8

I need to split text into sentences. I'm currently playing around with OpenNLP's sentence detector tool. I've also heard of NLTK and Stanford CoreNLP tools. What is the most accurate English sentence detection tools out there? I don't need too many NLP features--only a good tool for sentence splitting/detection.

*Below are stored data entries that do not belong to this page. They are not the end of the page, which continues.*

(* Write a bracketing t of x_1, ..., x_n along its left spine as
   (...((x_1 r_1) r_2) ...) r_k.  In A(G) the edges leave u towards v and w,
   and w towards w only, so t takes a value other than oo exactly when x_1 is
   a vertex and either n = 1, or all arguments are w, or x_1 = u, every
   one-variable factor r_i is v or w and every other argument is w.  Hence
   the term operation of t is determined by the word that has a 1 for each
   one-variable factor r_i and a block 0^|r_i| for each longer one, and it
   determines that word (evaluate at u followed by v for each 1 and w for
   each 0).  These words are exactly those whose maximal 0-runs have length
   at least 2, i.e. R_(n-1).  A three-state automaton recognising them gives
   |R_(m+4)| = |R_(m+3)| + |R_(m+2)| + |R_m|, whose characteristic polynomial
   is x^4 - x^3 - x^2 - 1, and comparing with alpha^m along the recurrence
   gives alpha^m / 2 <= |R_m| <= alpha^m. *)

From HB Require Import structures.
From mathcomp Require Import all_boot all_order all_algebra.
From mathcomp Require Import reals.
From mathcomp Require Import zify ring lra.
Import Order.TTheory GRing.Theory Num.Theory.
Set Implicit Arguments. Unset Strict Implicit. Unset Printing Implicit Defensive.

(** * Bracketings and their words *)

Fixpoint eqbtree (t1 t2 : btree) : bool :=
  match t1, t2 with
  | Leaf, Leaf => true
  | Node l1 r1, Node l2 r2 => eqbtree l1 l2 && eqbtree r1 r2
  | _, _ => false
  end.

Lemma eqbtreeP : Equality.axiom eqbtree.
Proof.
elim=> [|l1 IHl r1 IHr] [|l2 r2] /=; try by constructor.
by apply: (iffP andP) => [[/IHl-> /IHr->] | [<- <-]]; split; [apply/IHl | apply/IHr].
Qed.

HB.instance Definition _ := hasDecEq.Build btree eqbtreeP.

Lemma leaves_gt0 t : 0 < leaves t.
Proof. by elim: t => //= l IHl r IHr; rewrite addn_gt0 IHl. Qed.
Lemma nth_sorted_geq (mu : seq nat) i j : sorted geq mu -> (i <= j)%N -> (j < size mu)%N ->
  (nth 0 mu j <= nth 0 mu i)%N.
Proof.
move=> mus ij js.
have geq_trans : transitive geq by move=> a b c ba cb; apply: leq_trans cb ba.
exact: (sorted_leq_nth geq_trans leqnn 0%N mus) (leq_ltn_trans ij js) js ij.
Qed.

Lemma size_beta (mu : seq nat) : size (beta mu) = size mu.
Proof. by rewrite size_map size_iota. Qed.

Lemma sumn_beta (mu : seq nat) : sumn (beta mu) = (sumn mu + sumn (iota 0 (size mu)))%N.
Proof.
have ei : iota 0 (size mu) = index_iota 0 (size mu) by rewrite /index_iota subn0.
rewrite !sumnE big_map [X in (_ = X + _)%N](big_nth 0%N) ei.
rewrite [X in (_ = _ + X)%N](big_nat_rev _ _ _ _ xpredT (fun i => i)) -big_split /=.
by apply: eq_big_nat => j /andP[_ jl]; lia.
Qed.

Section BetaSet.

Variable mu : seq nat.
Hypothesis mu_sorted : sorted geq mu.

Lemma beta_uniq : uniq (beta mu).
Proof.
rewrite map_inj_in_uniq ?iota_uniq // => i j; rewrite !mem_iota !add0n => il jl.
wlog ij : i j il jl / (i <= j)%N.
  by move=> W; case: (leqP i j) => [|/ltnW] h e; [exact: W | apply/esym/W].
by have := nth_sorted_geq mu_sorted ij jl; lia.
Qed.

Hypothesis mu_pos : all (fun p => 0 < p)%N mu.
Hypothesis mu_size_gt0 : (0 < size mu)%N.

Lemma principal_hookE : principal_hook mu = (nth 0 mu 0 + (size mu).-1)%N.
Proof. by case: (mu) mu_size_gt0 => //= x s _; rewrite addnS. Qed.

Lemma principal_hook_beta : principal_hook mu \in beta mu.
Proof. by rewrite principal_hookE; apply/mapP; exists 0%N; rewrite ?mem_iota ?subn0. Qed.

Lemma beta_range : all (fun x => (0 < x <= principal_hook mu)%N) (beta mu).
Proof.
rewrite principal_hookE; apply/allP => x /mapP [j]; rewrite mem_iota /= => jl ->.
have := nth_sorted_geq mu_sorted (leq0n j) jl.
have : (0 < nth 0 mu j)%N by apply: (allP mu_pos); rewrite mem_nth.
lia.
Qed.

End BetaSet.

Lemma chi_hook_neq0 (mu : seq nat) : sorted geq mu -> all (fun p => 0 < p)%N mu ->
  (0 < size mu)%N ->
  chi mu (nseq (sumn mu - principal_hook mu) 1%N ++ [:: principal_hook mu]) != 0.
Proof.
move=> mus mup mu0.
have [r r_pos] := mn_hook_sign_gt0 (beta_uniq mus) (principal_hook_beta mu0) (beta_range mus mup mu0).
have nz : mn (beta mu) (nseq r 1%N ++ [:: principal_hook mu]) != 0.
  by apply: contraTneq r_pos => ->; rewrite mulr0 ltxx.
have := mn_neq0_sumn nz; rewrite sumn_beta size_beta sumn_cat sumn_nseq /= => e.
by rewrite /chi (_ : (sumn mu - principal_hook mu = r)%N) //; lia.
Qed.

Lemma chi_neq0_parts_le (mu : seq nat) rho : sorted geq mu -> all (fun p => 0 < p)%N mu ->
  chi mu rho != 0 -> all (fun k => k <= principal_hook mu)%N rho.
Proof.
move=> mus mup; case: (posnP (size mu)) => [/size0nil ->|mu0].
  by case: rho => //= k rho; rewrite -/(mn [::] (k :: rho)) mn_cons big_nil eqxx.
by apply: mn_neq0_parts_le; apply: sub_all (beta_range mus mup mu0) => x /andP[].
Qed.

Definition addv (s t : seq nat) : seq nat := [seq (u.1 + u.2)%N | u <- zip s t].
Definition lev (c e : seq nat) : bool := all2 leq c e.

Lemma lev_refl : reflexive lev.
Proof. by elim=> //= x e ->; rewrite leqnn. Qed.

Lemma lev_trans : transitive lev.
Proof.
move=> d c e; elim: c d e => [|x c IH] [|y d] [|z e] //= /andP[yx H1] /andP[xz H2].
by rewrite (leq_trans yx xz) (IH _ _ H1 H2).
Qed.

Lemma lev_anti c e : lev c e -> lev e c -> c = e.
Proof.
elim: c e => [|x c IH] [|y e] //= /andP[xy H1] /andP[yx H2].
by rewrite (IH _ H1 H2); congr (_ :: _); apply/eqP; rewrite eqn_leq xy yx.
Qed.

Lemma lev_size c e : lev c e -> size c = size e.
Proof. by elim: c e => [|x c IH] [|y e] //= /andP[_ /IH ->]. Qed.

Lemma lev_nth c e : lev c e -> forall j, (nth 0 c j <= nth 0 e j)%N.
Proof. by elim: c e => [|x c IH] [|y e] //= /andP[xy H] [|j] //=; apply: IH. Qed.

Lemma lev0 e : lev (nseq (size e) 0%N) e.
Proof. by elim: e. Qed.

Lemma lev_addv s e t f : lev s e -> lev t f -> lev (addv s t) (addv e f).
Proof.
elim: s e t f => [|x s IH] [|y e] [|z t] [|w f] //= /andP[xy H1] /andP[zw H2].
by rewrite (leq_add xy zw) (IH _ _ _ H1 H2).
Qed.

Lemma eq_addv_lev s e t f : lev s e -> lev t f -> size e = size f ->
  (addv s t == addv e f) = (s == e) && (t == f).
Proof.
elim: s e t f => [|x s IH] [|y e] [|z t] [|w f] //= /andP[xy H1] /andP[zw H2] [sz].
rewrite !eqseq_cons (IH _ _ _ H1 H2 sz).
case: (eqVneq x y) => [->|xy']; case: (eqVneq z w) => [->|zw'] /=; rewrite ?eqxx ?andbF //.
- by rewrite eqn_add2l (negbTE zw').
- by rewrite eqn_add2r (negbTE xy').
have ltxy : (x < y)%N by rewrite ltn_neqAle xy' xy.
have : (x + z < y + w)%N by lia.
by rewrite ltn_neqAle => /andP[/negbTE ->].
Qed.

Lemma size_addv s t : size (addv s t) = minn (size s) (size t).
Proof. by rewrite size_map size_zip. Qed.

Lemma nth_addv s t j : size s = size t -> nth 0 (addv s t) j = (nth 0 s j + nth 0 t j)%N.
Proof.
move=> sz; case: (ltnP j (size s)) => js.
  by rewrite (nth_map (0, 0)%N) ?size_zip ?sz ?minnn -?sz // nth_zip.
by rewrite !nth_default ?size_addv ?sz ?minnn -?sz.
Qed.

Definition sumv (m : nat) (r : seq (seq nat)) : seq nat := foldr addv (nseq m 0%N) r.

Lemma size_sumv m r : all (fun d => size d == m) r -> size (sumv m r) = m.
Proof.
elim: r => [|d r IH] /=; first by rewrite size_nseq.
by move=> /andP[/eqP sd /IH sr]; rewrite size_addv sd sr minnn.
Qed.

Lemma nth_sumv m r j : all (fun d => size d == m) r ->
  nth 0 (sumv m r) j = (\sum_(d <- r) nth 0 d j)%N.
Proof.
elim: r => [|d r IH] /=; first by rewrite big_nil nth_nseq; case: ifP.
by move=> /andP[/eqP sd H]; rewrite big_cons nth_addv ?IH // size_sumv // sd.
Qed.

Definition scalev (n : nat) (d : seq nat) : seq nat := [seq (n * x)%N | x <- d].

Lemma size_scalev n d : size (scalev n d) = size d.
Proof. by rewrite size_map. Qed.

Lemma scalev0 d : scalev 0 d = nseq (size d) 0%N.
Proof. by elim: d => //= x d ->. Qed.

Lemma addv_scalev n d : addv d (scalev n d) = scalev n.+1 d.
Proof.
apply: (@eq_from_nth _ 0%N); rewrite ?size_addv ?size_map ?minnn // => j jd.
by rewrite nth_addv ?size_map // !(nth_map 0%N) // mulSn.
Qed.

Lemma sumv_nseq m c d : size d = m -> sumv m (nseq c d) = scalev c d.
Proof.
move=> sd; elim: c => [|c IH]; first by rewrite scalev0 sd.
by rewrite /= -/(sumv m (nseq c d)) IH addv_scalev.
Qed.

Definition unitv (m k : nat) : seq nat := [seq nat_of_bool (j == k) | j <- iota 0 m].

Lemma size_unitv m k : size (unitv m k) = m.
Proof. by rewrite size_map size_iota. Qed.

Lemma nth_unitv m k j : (j < m)%N -> nth 0%N (unitv m k) j = (j == k).
Proof. by move=> jm; rewrite (nth_map 0%N) ?size_iota // nth_iota. Qed.

Lemma unitv_neq0 m k : (k < m)%N -> nseq m 0%N != unitv m k.
Proof.
move=> km; apply/negP => /eqP/(congr1 (fun s => nth 0%N s k)).
by rewrite nth_unitv // nth_nseq km eqxx.
Qed.

Lemma sum_nat_delta (f : nat -> nat) m j : (j < m)%N ->
  (\sum_(k <- index_iota 0 m) (f k * (j == k)))%N = f j.
Proof.
move=> jm; rewrite (bigD1_seq j) ?mem_index_iota ?iota_uniq //= eqxx muln1.
by rewrite big1 ?addn0 // => k kj; rewrite eq_sym (negbTE kj) muln0.
Qed.

Lemma sumv_unitv m e : size e = m ->
  sumv m [seq scalev (nth 0%N e k) (unitv m k) | k <- index_iota 0 m] = e.
Proof.
move=> se; set r := map _ _.
have sz : all (fun d => size d == m) r.
  by rewrite all_map; apply/allP => k _ /=; rewrite size_scalev size_unitv.
apply: (@eq_from_nth _ 0%N); first by rewrite size_sumv.
rewrite size_sumv // => j jm; rewrite nth_sumv // big_map.
rewrite -(sum_nat_delta (nth 0%N e) jm); apply: eq_bigr => k _.
by rewrite (nth_map 0%N) ?size_unitv // nth_unitv.
Qed.

Lemma mp_coef_cat p q c : mp_coef (p ++ q) c = mp_coef p c + mp_coef q c.
Proof. by rewrite /mp_coef big_cat. Qed.

Lemma mp_coef_scale a p c : mp_coef (mp_scale a p) c = a * mp_coef p c.
Proof. by rewrite /mp_coef big_map mulr_sumr. Qed.

Lemma mp_coef_bigadd (I : Type) (r : seq I) (F : I -> mpoly) c :
  mp_coef (\big[mp_add/[::]]_(i <- r) F i) c = \sum_(i <- r) mp_coef (F i) c.
Proof.
elim: r => [|i r IH]; first by rewrite !big_nil /mp_coef big_nil.
by rewrite !big_cons /mp_add mp_coef_cat IH.
Qed.

Lemma mem_bigadd (I : eqType) (r : seq I) (F : I -> mpoly) t :
  t \in \big[mp_add/[::]]_(i <- r) F i -> exists2 i, i \in r & t \in F i.
Proof.
elim: r => [|i r IH]; first by rewrite big_nil.
rewrite big_cons mem_cat => /orP[ti|/IH [j jr tj]]; first by exists i; rewrite ?mem_head.
by exists j; rewrite // in_cons jr orbT.
Qed.

Lemma mp_coef_neq0 p c : mp_coef p c != 0 -> exists2 t, t \in p & t.2 = c /\ t.1 != 0.
Proof.
rewrite /mp_coef; case: (boolP (has (fun t => (t.2 == c) && (t.1 != 0)) p)).
  by case/hasP => t tp /andP[/eqP e nz] _; exists t.
move/hasPn => H; rewrite big1_seq ?eqxx // => t /andP[tc tp].
by have := H t tp; rewrite tc /= negbK => /eqP.
Qed.

Definition exps_le (p : mpoly) (e : seq nat) : bool := all (fun t => lev t.2 e) p.

Lemma exps_le_mem p e t : exps_le p e -> t \in p -> lev t.2 e.
Proof. by move/allP => H /H. Qed.

Lemma exps_le_coef p e c : exps_le p e -> mp_coef p c != 0 -> lev c e.
Proof. by move=> pe /mp_coef_neq0 [t tp [<- _]]; apply: exps_le_mem pe tp. Qed.

Lemma exps_le_const m a : exps_le (mp_const m a) (nseq m 0%N).
Proof. by rewrite /exps_le /= lev_refl. Qed.

Lemma mp_coef_const1 m : mp_coef (mp_const m 1) (nseq m 0%N) = 1.
Proof. by rewrite /mp_coef /mp_const big_cons big_nil eqxx addr0. Qed.

Lemma exps_le_mul p q e f : exps_le p e -> exps_le q f -> exps_le (mp_mul p q) (addv e f).
Proof.
move=> pe qf; apply/allP => t /allpairsP [[s u] /= [sp uq ->]] /=.
exact: lev_addv (exps_le_mem pe sp) (exps_le_mem qf uq).
Qed.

I've also heard about Lucene...but that may be too much. But if it has a kick-ass sentence detection module, then I'll use it.

samxli
  • 1,536
  • 5
  • 17
  • 28
  • 1
    For Perl, [Lingua::EN::Sentence](http://search.cpan.org/~shlomoy/Lingua-EN-Sentence-0.25/lib/Lingua/EN/Sentence.pm)? – Konerak Mar 14 '11 at 16:50

3 Answers3

2

NLTK includes an implementation of the Punkt tokenizer described in this paper. I don't know if it's the absolute best around but it's very very good, it's lightweight and easy to use, and it's free.

rmalouf
  • 3,353
  • 1
  • 15
  • 10
1

check lingpipe implementation http://alias-i.com/lingpipe/docs/api/com/aliasi/sentences/IndoEuropeanSentenceModel.html

Their model quite powerful, and easy to implement - check few pre/post rules(aka regexps) at any possible sentence split and thats all. I found it working better then one in GATE and OpenNLP.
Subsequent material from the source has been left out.